“Carder” Design Reassigned
All About Glass
In 1959, The Corning Museum of Glass received a large group of objects as a gift from Frederick Carder, the retired director of the Steuben Glass Works. Most of these had been made at Steuben in Corning, New York, but some were English. Most of the English pieces came from Stevens & Williams of Brierley Hill, near Stourbridge, where Carder had been a designer from 1880 until 1903, the year he came to Corning to manage Steuben.
One of the English objects was a metal candlestick / flower holder with glass inserts, which the museum catalogued as having been made by Stevens & Williams [59.2.8] (Fig. 1). In 1998, when Royal Brierley Crystal, the successor company to Stevens & Williams, sold the collection from its company museum, we purchased a similar but much larger centerpiece / flower holder that was supposed to be a Carder design [98.2.10] (Fig. 2), and it has been displayed in our Carder Gallery since 2000. The design of this object matched that of the other flower center, but it was more elaborate, and we thought it was an outstanding sample of Carder’s English work.
However, a close examination of the flower center we received from Carder revealed a design number of 409769, which was registered to the firm of John Walsh Walsh of the Soho and Vesta Glass Works in Birmingham, England, in May 1903. The design was called “Water Lily,” and it was made in several sizes and variations.

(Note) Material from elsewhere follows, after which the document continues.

(* Let $\alpha_1,\dots,\alpha_n$ be real numbers and $\pi\in S_n$ a permutation with $\alpha_{\pi(1)}>\alpha_{\pi(2)}>\dots>\alpha_{\pi(n)}$. Let $w=s_{\ell_1}\cdots s_{\ell_k}$ be a reduced word for a glide in $\hat S_n$, and in the wiring diagram of $|w$ number the wires so that wire $i$ starts in position $i$; give each crossing the parameter $\alpha_{\mathrm{up}}-\alpha_{\mathrm{low}}$, where $\mathrm{up},\mathrm{low}$ are the numbers of its upper and lower wires. Then all crossing parameters are positive if and only if $t(w)\in\pi(\mathfrak C_{id})$, i.e. if and only if a (equivalently any) representative $(t_1,\dots,t_n)\in\mathbb Z^n$ of $t(w)$ satisfies $t_{\pi(1)}\ge t_{\pi(2)}\ge\dots\ge t_{\pi(n)}$.
   Context: $\hat S_n$: generators $s_0,\dots,s_{n-1}$ (indices mod $n$), relations $s_i^2=1$, $s_is_js_i=s_js_is_j$ if $i-j\equiv\pm1$, $s_is_j=s_js_i$ if $i-j\not\equiv0,\pm1\pmod n$. $\phi:\hat S_n\to S_n$, $s_i\mapsto(i\ i+1)$ for $1\le i\le n-1$, $s_0\mapsto(1\ n)$; a glide of offset $k\in\{0,\dots,n-1\}$ is $g$ with $\phi(g)(j)\equiv j+k\pmod n$. Wiring diagram: the word is drawn left to right on a cylinder with wires in positions $1,\dots,n$ (mod $n$); $s_i$ is a crossing of positions $i,i+1$ ($s_0$: positions $n$ and $1$); the upper wire of $s_i$ passes from position $i+1$ to $i$ (for $s_0$: from position $1$ to $n$). Universal cover: positions are integers, $s_i$ lifting to crossings of $p,p+1$ for all $p\equiv i\pmod n$, lifted wires labelled by their starting integer positions. A chamber's label is $(\mathbf s_1,\dots,\mathbf s_n)$, $\mathbf s_i=\lceil\max\{b\in S: b\equiv i\bmod n\}/n\rceil$ where $S$ is the set of labels of wires passing below it. The trajectory $t(w)\in\mathbb Z^n/\mathbb Z(1,\dots,1)$ is the label of the chamber directly above the wire labelled $1$ at the right end of the diagram minus the label of the chamber directly above wire $1$ at the left end. The dominant chamber is $\mathfrak C_{id}=\{x: x_1\ge x_2\ge\dots\ge x_n\}$. *)

From Stdlib Require Import ZArith Reals List Lia.
Open Scope Z_scope.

The Walsh firm advertised this design in the August 1903 issue of The Pottery Gazette, and the object shown in Figure 2 here was illustrated in the advertisement.
The candlestick / flower holder in Corning may have been a gift to Carder as he prepared to leave England for a new career in the United States. However, he may have purchased it as an example of good design.
Both objects are elegant works from the Arts and Crafts Movement and good additions to our collection. The Walsh firm was founded in Birmingham in 1850, and it lasted until 1951. It produced mostly blown table wares. While Walsh was never as large as the better-known Thomas Webb & Sons and Stevens & Williams / Royal Brierley Crystal, it did register a number of original designs in the 1880s and in the early 20th century.
Jane Shadel Spillman
This article was published in the Journal of Glass Studies, Vol. 51 (2009), 237–238.